Please take the lines from the one holding "apply (injective_sequence (fun" through the one holding "destruct (C_cover a)" in the data below and copy them exactly.

### THE DATA
------------------------------------------------------------

Lemma components_of_list (X : list A) :
  exists L : list I, forall x, In x X -> exists i, In i L /\ C i x.
Proof.
  induction X as [|x X [L HL]].
  - exists []; intros x [].
  - destruct (C_cover x) as [i Ci]. exists (i :: L).
    intros y [<-|Hy]; [exists i; split; [left; reflexivity|exact Ci]|].
    destruct (HL y Hy) as [j [Hj Cj]]; exists j; split; [right|]; assumption.
Qed.

(* A finitely generated act has finitely many nonzero components, since
   components are closed under the action. *)
Lemma finitely_generated_components :
  finitely_generated S A -> finitely_many_components.
Proof.
  intros [X HX]. destruct (components_of_list X) as [L HL].
  exists L; intro a; right.
  destruct (HX a) as [x [s [Hx ->]]]. destruct (HL x Hx) as [i [Hi Ci]].
  exists i; split; [exact Hi|].
  destruct (C_simple i) as [[_ Ccl] _]; apply Ccl, Ci.
Qed.

Lemma infinitely_many_components_sequence :
  ~ finitely_many_components ->
  exists g : nat -> I, (forall m n, g m = g n -> m = n) /\
    forall n, exists a, a <> atheta A /\ C (g n) a.
Proof.
  intros Hinf.
  apply (injective_sequence (fun i => exists a, a <> atheta A /\ C i a)).
  intro L.
  apply NNPP; intro Hno; apply Hinf; exists L; intro a.
  destruct (classic (a = atheta A)) as [E|Ha]; [left; exact E|right].
  destruct (C_cover a) as [i Ci]; exists i; split; [|exact Ci].
  apply NNPP; intro Hi; apply Hno; exists i; split; [exact Hi|exists a; auto].
Qed.

End Decomposition.

Section IndependentSequence.
Variables (S : monoid0) (A : ract0 S) (D : nat -> A -> Prop).
Hypothesis D_closed : forall n a s, D n a -> D n (act A a s).
Hypothesis D_independent :
  forall k n a, k <> n -> D k a -> D n a -> a = atheta A.
Hypothesis D_nonzero : forall n, exists a, a <> atheta A /\ D n a.

Definition tail (n : nat) (a : A) : Prop :=
  a = atheta A \/ exists k, n <= k /\ D k a.

Definition head (n : nat) (a : A) : Prop :=
  a = atheta A \/ exists k, k < n /\ D k a.

Lemma tail_subact (n : nat) : subact S A (tail n).
Proof.
  split; [exists (atheta A); left; reflexivity|].
  intros a s [->|[k [Hk Dk]]]; [left; apply act_theta|right; eauto].
Qed.

Lemma head_subact (n : nat) : subact S A (head n).
Proof.
  split; [exists (atheta A); left; reflexivity|].
  intros a s [->|[k [Hk Dk]]]; [left; apply act_theta|right; eauto].
Qed.

Lemma nonzero_component_unique (k n : nat) (a : A) :
  a <> atheta A -> D n a -> D k a -> k = n.
Proof.
  intros Ha Dn Dk. destruct (Nat.eq_dec k n) as [E|Hkn]; [exact E|].
  exfalso; exact (Ha (D_independent k n a Hkn Dk Dn)).
Qed.

Lemma tails_not_artinian : ~ Rees_artinian S A.
Proof.
  intros Hart. destruct (Hart tail tail_subact) as [N HN].
  { intros n a [E|[k [Hk Dk]]]; [left; exact E|].
    right; exists k; split; [lia|exact Dk]. }
  destruct (D_nonzero N) as [a [Ha Da]].
  assert (Hnext : tail (Datatypes.S N) a).
  { apply (HN (Datatypes.S N) (Nat.le_succ_diag_r N)).
    right; exists N; split; [reflexivity|exact Da]. }
  destruct Hnext as [E|[k [Hk Dk]]]; [exact (Ha E)|].
  pose proof (nonzero_component_unique k N a Ha Da Dk); lia.
Qed.

Lemma heads_not_noetherian : ~ Rees_noetherian S A.
Proof.
  intros Hnoeth. destruct (Hnoeth head head_subact) as [N HN].
  { intros n a [E|[k [Hk Dk]]]; [left; exact E|].
    right; exists k; split; [lia|exact Dk]. }
  destruct (D_nonzero N) as [a [Ha Da]].
  assert (Hprev : head N a).
  { apply (HN (Datatypes.S N) (Nat.le_succ_diag_r N)).
    right; exists N; split; [apply Nat.lt_succ_diag_r|exact Da]. }
  destruct Hprev as [E|[k [Hk Dk]]]; [exact (Ha E)|].
  pose proof (nonzero_component_unique k N a Ha Da Dk); lia.
Qed.

(* Only theta lies in every tail, so the Rees congruences of the tails
   intersect to the diagonal. *)
Lemma tails_meet_in_theta (a : A) : (forall n, tail n a) -> a = atheta A.
Proof.
  intros Hall. destruct (Hall 0) as [E|[k [_ Dk]]]; [exact E|].
  destruct (Hall (Datatypes.S k)) as [E|[k' [Hk' Dk']]]; [exact E|].
  apply (D_independent k k' a); [lia|assumption|assumption].
Qed.

Lemma tails_not_finitely_Rees_cogenerated : ~ finitely_Rees_cogenerated S A.
Proof.
  intros Hfrc. destruct (Hfrc nat tail tail_subact) as [J HJ].
  { intros a b Hab. apply NNPP; intro Hne.
    assert (Ha : forall n, tail n a) by (intro n; destruct (Hab n); tauto).
    assert (Hb : forall n, tail n b) by (intro n; destruct (Hab n); tauto).
    apply Hne; rewrite (tails_meet_in_theta a Ha), (tails_meet_in_theta b Hb).
    reflexivity. }
  (* a nonzero element beyond every index in J is related to theta by each
     chosen congruence *)
  set (N := list_max J).
  destruct (D_nonzero N) as [a [Ha Da]].
  apply Ha, HJ; intros j Hj; left.
  split; [right; exists N; split|left; reflexivity].
  - exact (proj1 (Forall_forall _ J) (proj1 (list_max_le J N) (le_n N)) j Hj).
  - exact Da.
Qed.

------------------------------------------------------------

### WRITTEN SOLUTION
  apply (injective_sequence (fun i => exists a, a <> atheta A /\ C i a)).
  intro L.
  apply NNPP; intro Hno; apply Hinf; exists L; intro a.
  destruct (classic (a = atheta A)) as [E|Ha]; [left; exact E|right].
  destruct (C_cover a) as [i Ci]; exists i; split; [|exact Ci].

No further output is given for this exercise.